▶ WORK ORDER:
Return only the lines of the listing below that run from the line with "by rewrite cint_add" through the line with "Proof. by apply: mx_bounded_mfunM;", both ends included, exactly as written.

• • • •

Lemma bounded_mfun_integrable f :
  bounded_mfun f -> mu.-integrable setT (EFin \o f).
Proof.
case=> mf [M hM]; apply: measurable_bounded_integrable => //.
  by rewrite (le_lt_trans (probability_le1 mu measurableT)) ?ltry.
exists M; split; first exact: num_real.
by move=> N hN x _; apply: le_trans (hM x) (ltW hN).
Qed.

Lemma bounded_mfun_cst c : bounded_mfun (fun _ => c).
Proof. by split; [exact: measurable_cst | exists `|c|]. Qed.

Lemma bounded_mfunD f h :
  bounded_mfun f -> bounded_mfun h -> bounded_mfun (fun g => f g + h g).
Proof.
case=> mf [M hM] [mh [N hN]]; split; first exact: measurable_funD.
by exists (M + N) => g; apply: le_trans (ler_normD _ _) (lerD _ _).
Qed.

Lemma bounded_mfunN f : bounded_mfun f -> bounded_mfun (fun g => - f g).
Proof.
case=> mf [M hM]; split; first exact: measurable_funN.
by exists M => g; rewrite normrN.
Qed.

Lemma bounded_mfunM f h :
  bounded_mfun f -> bounded_mfun h -> bounded_mfun (fun g => f g * h g).
Proof.
case=> mf [M hM] [mh [N hN]]; split; first exact: measurable_funM.
by exists (M * N) => g; rewrite normrM ler_pM.
Qed.

Lemma Rintegral_prob_cst c : Rintegral mu setT (fun _ => c) = c.
Proof.
rewrite Rintegral_cst // -[RHS]mulr1 (_ : 1 = fine (1%E : \bar R)) //.
by congr (c * fine _); exact: probability_setT.
Qed.

Definition measure_preserving (phi : G -> G) :=
  measurable_fun setT phi /\
  forall A, measurable A -> mu (phi @^-1` A)%classic = mu A.

Lemma Rintegral_preserving (phi : G -> G) f :
  measure_preserving phi -> bounded_mfun f ->
  Rintegral mu setT (fun g => f (phi g)) = Rintegral mu setT f.
Proof.
move=> [mphi hphi] [mf [M hM]]; rewrite /Rintegral; congr fine.
have intf : mu.-integrable (phi @^-1` setT)%classic ((EFin \o f) \o phi).
  rewrite preimage_setT; apply: (bounded_mfun_integrable (f := f \o phi)).
  by split; [exact: measurableT_comp | exists M => g; exact: hM].
have := integral_pushforward mphi ((measurable_EFinP _ _).2 mf) intf measurableT.
rewrite preimage_setT => <-.
by apply: eq_measure_integral => A mA _ /=; rewrite /pushforward hphi.
Qed.



Definition cbounded_mfun (f : G -> R[i]) :=
  bounded_mfun (fun g => complex.Re (f g)) /\
  bounded_mfun (fun g => complex.Im (f g)).

Lemma cbounded_mfun_cst c : cbounded_mfun (fun _ => c).
Proof. split; exact: bounded_mfun_cst. Qed.

Lemma cbounded_mfunD f h :
  cbounded_mfun f -> cbounded_mfun h -> cbounded_mfun (fun g => f g + h g).
Proof.
case=> [a b] [c e]; split.
  by under [X in bounded_mfun X]funext do rewrite ReD; exact: bounded_mfunD.
by under [X in bounded_mfun X]funext do rewrite ImD; exact: bounded_mfunD.
Qed.

Lemma cbounded_mfunM f h :
  cbounded_mfun f -> cbounded_mfun h -> cbounded_mfun (fun g => f g * h g).
Proof.
case=> [a b] [c e]; split.
  under [X in bounded_mfun X]funext do rewrite ReM.
  by apply: bounded_mfunD; [|apply: bounded_mfunN]; exact: bounded_mfunM.
under [X in bounded_mfun X]funext do rewrite ImM.
by apply: bounded_mfunD; exact: bounded_mfunM.
Qed.

Lemma cbounded_mfun_sum (I : Type) (s : seq I) (F : I -> G -> R[i]) :
  (forall i, cbounded_mfun (F i)) ->
  cbounded_mfun (fun g => \sum_(i <- s) F i g).
Proof.
move=> hF; elim: s => [|i s IH].
  by under [X in cbounded_mfun X]funext do rewrite big_nil; exact: cbounded_mfun_cst.
by under [X in cbounded_mfun X]funext do rewrite big_cons; exact: cbounded_mfunD.
Qed.

Lemma cbounded_mfun_prod (I : Type) (s : seq I) (F : I -> G -> R[i]) :
  (forall i, cbounded_mfun (F i)) ->
  cbounded_mfun (fun g => \prod_(i <- s) F i g).
Proof.
move=> hF; elim: s => [|i s IH].
  by under [X in cbounded_mfun X]funext do rewrite big_nil; exact: cbounded_mfun_cst.
by under [X in cbounded_mfun X]funext do rewrite big_cons; exact: cbounded_mfunM.
Qed.

Lemma cbounded_mfun_conj f :
  cbounded_mfun f -> cbounded_mfun (fun g => Num.conj (f g)).
Proof.
have eRe : (fun g => complex.Re (Num.conj (f g))) = fun g => complex.Re (f g).
  by apply: funext => g; case: (f g).
have eIm : (fun g => complex.Im (Num.conj (f g))) = fun g => - complex.Im (f g).
  by apply: funext => g; case: (f g).
by rewrite /cbounded_mfun eRe eIm => -[a /bounded_mfunN b].
Qed.

Lemma cint_add f h : cbounded_mfun f -> cbounded_mfun h ->
  cint mu (fun g => f g + h g) = cint mu f + cint mu h.
Proof.
case=> [/bounded_mfun_integrable a /bounded_mfun_integrable b].
case=> [/bounded_mfun_integrable c /bounded_mfun_integrable e]; rewrite /cint.
under [X in Complex X _]eq_Rintegral do rewrite ReD.
under [X in Complex _ X]eq_Rintegral do rewrite ImD.
by rewrite !RintegralD.
Qed.

Lemma cint_mull c f : cbounded_mfun f -> cint mu (fun g => c * f g) = c * cint mu f.
Proof.
case=> [a b]; rewrite /cint.
under [X in Complex X _]eq_Rintegral do rewrite ReM.
under [X in Complex _ X]eq_Rintegral do rewrite ImM.
have intZ k h : bounded_mfun h -> mu.-integrable setT (EFin \o (fun g => k * h g)).
  move=> bh; apply/bounded_mfun_integrable/bounded_mfunM => //.
  exact: bounded_mfun_cst.
case: c => x y /=.
rewrite RintegralB ?RintegralD ?intZ // !RintegralZl //; exact: bounded_mfun_integrable.
Qed.

Lemma cint_mulr c f : cbounded_mfun f -> cint mu (fun g => f g * c) = cint mu f * c.
Proof.
by move=> bf; rewrite mulrC -cint_mull //; under eq_fun do rewrite mulrC.
Qed.

Lemma cint_cst c : cint mu (fun _ => c) = c.
Proof. by rewrite /cint !Rintegral_prob_cst; case: c. Qed.

Lemma cint_sum (I : Type) (s : seq I) (F : I -> G -> R[i]) :
  (forall i, cbounded_mfun (F i)) ->
  cint mu (fun g => \sum_(i <- s) F i g) = \sum_(i <- s) cint mu (F i).
Proof.
move=> hF; elim: s => [|i s IH].
  by under eq_fun do rewrite big_nil; rewrite cint_cst big_nil.
under eq_fun do rewrite big_cons.
by rewrite cint_add ?big_cons ?IH //; exact: cbounded_mfun_sum.
Qed.

Lemma cint_preserving (phi : G -> G) f : measure_preserving phi ->
  cbounded_mfun f -> cint mu (fun g => f (phi g)) = cint mu f.
Proof.
move=> hphi [a b]; rewrite /cint.
rewrite (Rintegral_preserving (f := fun g => complex.Re (f g))) //.
by rewrite (Rintegral_preserving (f := fun g => complex.Im (f g))).
Qed.

Definition mxint n (F : G -> 'M[R[i]]_n) : 'M[R[i]]_n :=
  \matrix_(i, j) cint mu (fun g => F g i j).

Definition mx_bounded_mfun n (F : G -> 'M[R[i]]_n) :=
  forall i j, cbounded_mfun (fun g => F g i j).

Lemma mx_bounded_mfun_cst n (M : 'M[R[i]]_n) : mx_bounded_mfun (fun _ => M).
Proof. move=> i j; exact: cbounded_mfun_cst. Qed.

Lemma mx_bounded_mfunM n (F H : G -> 'M[R[i]]_n) :
  mx_bounded_mfun F -> mx_bounded_mfun H -> mx_bounded_mfun (fun g => F g *m H g).
Proof.
move=> bF bH i j; under [X in cbounded_mfun X]funext do rewrite mxE.
by apply: cbounded_mfun_sum => k; exact: cbounded_mfunM.
Qed.

Lemma mx_bounded_mfunMl n (M : 'M[R[i]]_n) F :
  mx_bounded_mfun F -> mx_bounded_mfun (fun g => M *m F g).
Proof. by apply: mx_bounded_mfunM; exact: mx_bounded_mfun_cst. Qed.
(* In the setting of the context, suppose every subcontroller is $u_i=\hat K_iR_i\begin{bmatrix} y_i\\ v_i\end{bmatrix}$ with $R_i=\begin{bmatrix} I&-G_{y_iv_i}\end{bmatrix}$ and $\hat K_i$ a stabilizing controller for $G_{y_iu_i}$, and let $\boldsymbol L$ be an interaction for which $\boldsymbol G_{\rm pre}$ is internally stable. Let $\delta\ge0$ satisfy $\|\boldsymbol G_{\boldsymbol{zv}}(I-\boldsymbol L\boldsymbol G_{\boldsymbol{wv}})^{-1}\boldsymbol L\|_\infty\le\delta$. If for each $i$ $$\|\hat M_{z_id_i}(\hat K_i)\|_\infty\le\alpha_i,\qquad \|\hat M_{w_id_i}(\hat K_i)\|_\infty\le\beta_i,$$ then the closed-loop map $\boldsymbol T_{\boldsymbol{zd}}:\boldsymbol d\mapsto\boldsymbol z$ of the entire network system satisfies $$\|\boldsymbol T_{\boldsymbol{zd}}\|_\infty\le\max_i\alpha_i+\delta\max_i\beta_i.$$
   Context: For $i=1,\dots,N$, subsystem $G_i$ is a proper real rational transfer matrix with inputs $(v_i,d_i,u_i)$ (interaction, disturbance, control) and outputs $(w_i,z_i,y_i)$ (interaction, evaluation, measurement), $G_{a_ib_i}$ the block from $b_i$ to $a_i$; $v_i$ is measurable. Stacked signals $\boldsymbol v=\mathrm{col}(v_1,\dots,v_N)$ etc.; interaction $\boldsymbol v=\boldsymbol L\boldsymbol w$, $\boldsymbol L$ proper real rational. $\boldsymbol G_{\boldsymbol{wv}}:=\mathrm{diag}(G_{w_iv_i})$, $\boldsymbol G_{\boldsymbol{zv}}:=\mathrm{diag}(G_{z_iv_i})$. The preexisting system $\boldsymbol G_{\rm pre}$ is the loop $\boldsymbol w=\boldsymbol G_{\boldsymbol{wv}}\boldsymbol v$, $\boldsymbol v=\boldsymbol L\boldsymbol w$. All feedback systems are well-posed. $\hat M_{z_id_i}(\hat K_i):=G_{z_id_i}+G_{z_iu_i}\hat K_i(I-G_{y_iu_i}\hat K_i)^{-1}G_{y_id_i}$, $\hat M_{w_id_i}(\hat K_i):=G_{w_id_i}+G_{w_iu_i}\hat K_i(I-G_{y_iu_i}\hat K_i)^{-1}G_{y_id_i}$. $\hat K_i$ is a stabilizing controller for $G_{y_iu_i}$ if the positive feedback loop $y_i=G_{y_iu_i}u_i$, $u_i=\hat K_iy_i$ is internally stable. $\|\cdot\|_\infty$ is the $\mathcal H_\infty$-norm. *)

From HB Require Import structures.
From mathcomp Require Import all_boot all_order all_algebra.
From mathcomp Require Import fraction.
Set Implicit Arguments. Unset Strict Implicit. Unset Printing Implicit Defensive.
Import Order.TTheory GRing.Theory Num.Theory.
Local Open Scope ring_scope.
(* Inconsistency of disjunctive finitely recursive programs is semidecidable: there is a procedure which, given a disjunctive finitely recursive program $P$, halts reporting inconsistency if and only if $P$ has no stable model.
   Context: A disjunctive program is a finite set of rules $A_1\vee\dots\vee A_m\leftarrow L_1,\dots,L_n$ ($m>0$, $n\ge0$), $A_j$ atoms, $L_i$ atoms or negated atoms $\mathtt{not}\,A$, over a first-order language possibly with function symbols (so the Herbrand universe may be infinite); $head(r)=\{A_1,\dots,A_m\}$. $\mathsf{Ground}(P)$ is its ground instantiation. For a set $M$ of ground atoms, $P^M$ is obtained from $\mathsf{Ground}(P)$ by deleting rules having some $\mathtt{not}\,B$ in the body with $B\in M$ and deleting negative literals from the remaining rules; $M$ is a stable model iff it is a minimal Herbrand model of $P^M$. $P$ is inconsistent iff it has no stable model. The dependency graph has ground atoms as vertices and an edge $A\to B$ whenever some $r\in\mathsf{Ground}(P)$ has $A\in head(r)$ and $B$ occurring in $r$ (body, positively or negated, or head); $A$ depends on $B$ if there is a directed path from $A$ to $B$ (every atom depends on itself). $P$ is finitely recursive iff each ground atom depends on finitely many ground atoms. *)

From Stdlib Require Import List Arith Relations.
Import ListNotations.

(*    "Procedure" = a mu-recursive program; "halts on x" = the partial *)
(*    function it denotes is defined on the input [x].                  *)

Inductive mu : Type :=
| MZero : mu
| MSucc : mu
| MProj : nat -> mu
| MComp : mu -> list mu -> mu
| MRec  : mu -> mu -> mu
| MMin  : mu -> mu.

Inductive eval : mu -> list nat -> nat -> Prop :=
| ev_zero xs : eval MZero xs 0
| ev_succ xs : eval MSucc xs (S (hd 0 xs))
| ev_proj i xs : eval (MProj i) xs (nth i xs 0)
| ev_comp f gs xs ys y :
    evalL gs xs ys -> eval f ys y -> eval (MComp f gs) xs y
| ev_rec0 g h xs y : eval g xs y -> eval (MRec g h) (0 :: xs) y
| ev_recS g h n xs z y :
    eval (MRec g h) (n :: xs) z -> eval h (n :: z :: xs) y ->
    eval (MRec g h) (S n :: xs) y
| ev_min f xs n :
    eval f (n :: xs) 0 ->
    (forall m, m < n -> exists k, eval f (m :: xs) (S k)) ->
    eval (MMin f) xs n
with evalL : list mu -> list nat -> list nat -> Prop :=
| evL_nil xs : evalL [] xs []
| evL_cons g gs xs y ys :
    eval g xs y -> evalL gs xs ys -> evalL (g :: gs) xs (y :: ys).

Definition halts (e : mu) (x : nat) : Prop := exists y, eval e [x] y.

(*    Function symbols are identified by a name (nat) together with     *)
(*    their arity (the length of the argument list); same for predicates.*)

Inductive term : Type :=
| Var : nat -> term
| Fn  : nat -> list term -> term.

Record atom : Type := Atom { pred : nat; args : list term }.

Inductive literal : Type :=
| Pos : atom -> literal
| Neg : atom -> literal.

Record rule : Type := Rule { head : list atom; body : list literal }.

Definition program := list rule.

Definition wf_program (P : program) : Prop :=
  forall r, In r P -> head r <> [].

Definition cpair (x y : nat) : nat := (x + y) * (x + y + 1) / 2 + y.

Definition enc_list {A : Type} (e : A -> nat) : list A -> nat :=
  fix go l := match l with [] => 0 | x :: l' => S (cpair (e x) (go l')) end.

Fixpoint enc_term (t : term) : nat :=
  match t with
  | Var n => cpair 0 n
  | Fn f ts =>
      cpair 1 (cpair f ((fix go l := match l with
                                     | [] => 0
                                     | u :: l' => S (cpair (enc_term u) (go l'))
                                     end) ts))
  end.

Definition enc_atom (a : atom) : nat := cpair (pred a) (enc_list enc_term (args a)).

Definition enc_literal (l : literal) : nat :=
  match l with Pos a => cpair 0 (enc_atom a) | Neg a => cpair 1 (enc_atom a) end.

Definition enc_rule (r : rule) : nat :=
  cpair (enc_list enc_atom (head r)) (enc_list enc_literal (body r)).

Definition enc_program (P : program) : nat := enc_list enc_rule P.

Fixpoint sym_in_term (f n : nat) (t : term) : Prop :=
  match t with
  | Var _ => False
  | Fn g ts =>
      (g = f /\ length ts = n) \/
      (fix go l := match l with [] => False | u :: l' => sym_in_term f n u \/ go l' end) ts
  end.

Definition sym_in_atom (f n : nat) (a : atom) : Prop :=
  exists t, In t (args a) /\ sym_in_term f n t.

Definition lit_atom (l : literal) : atom := match l with Pos a => a | Neg a => a end.

Definition rule_atoms (r : rule) : list atom := head r ++ map lit_atom (body r).

Definition sym_in_program (P : program) (f n : nat) : Prop :=
  exists r a, In r P /\ In a (rule_atoms r) /\ sym_in_atom f n a.

(* Herbrand universe of the language of P: ground terms built from the
   function symbols (with their arities) of P; if P has no constant, a
   fresh constant (Fn 0 []) is added, as usual. *)
Inductive in_HU (P : program) : term -> Prop :=
| hu_fn f ts : sym_in_program P f (length ts) -> Forall (in_HU P) ts -> in_HU P (Fn f ts)
| hu_default : (forall f, ~ sym_in_program P f 0) -> in_HU P (Fn 0 []).

(* ground atoms of the language of P (Herbrand base, predicates arbitrary) *)
Definition ground_atom (P : program) (a : atom) : Prop := Forall (in_HU P) (args a).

• • • •

▶ ANSWER:
by rewrite cint_add ?big_cons ?IH //; exact: cbounded_mfun_sum.
Qed.

Lemma cint_preserving (phi : G -> G) f : measure_preserving phi ->
  cbounded_mfun f -> cint mu (fun g => f (phi g)) = cint mu f.
Proof.
move=> hphi [a b]; rewrite /cint.
rewrite (Rintegral_preserving (f := fun g => complex.Re (f g))) //.
by rewrite (Rintegral_preserving (f := fun g => complex.Im (f g))).
Qed.

Definition mxint n (F : G -> 'M[R[i]]_n) : 'M[R[i]]_n :=
  \matrix_(i, j) cint mu (fun g => F g i j).

Definition mx_bounded_mfun n (F : G -> 'M[R[i]]_n) :=
  forall i j, cbounded_mfun (fun g => F g i j).

Lemma mx_bounded_mfun_cst n (M : 'M[R[i]]_n) : mx_bounded_mfun (fun _ => M).
Proof. move=> i j; exact: cbounded_mfun_cst. Qed.

Lemma mx_bounded_mfunM n (F H : G -> 'M[R[i]]_n) :
  mx_bounded_mfun F -> mx_bounded_mfun H -> mx_bounded_mfun (fun g => F g *m H g).
Proof.
move=> bF bH i j; under [X in cbounded_mfun X]funext do rewrite mxE.
by apply: cbounded_mfun_sum => k; exact: cbounded_mfunM.
Qed.

Lemma mx_bounded_mfunMl n (M : 'M[R[i]]_n) F :
  mx_bounded_mfun F -> mx_bounded_mfun (fun g => M *m F g).
Proof. by apply: mx_bounded_mfunM; exact: mx_bounded_mfun_cst. Qed.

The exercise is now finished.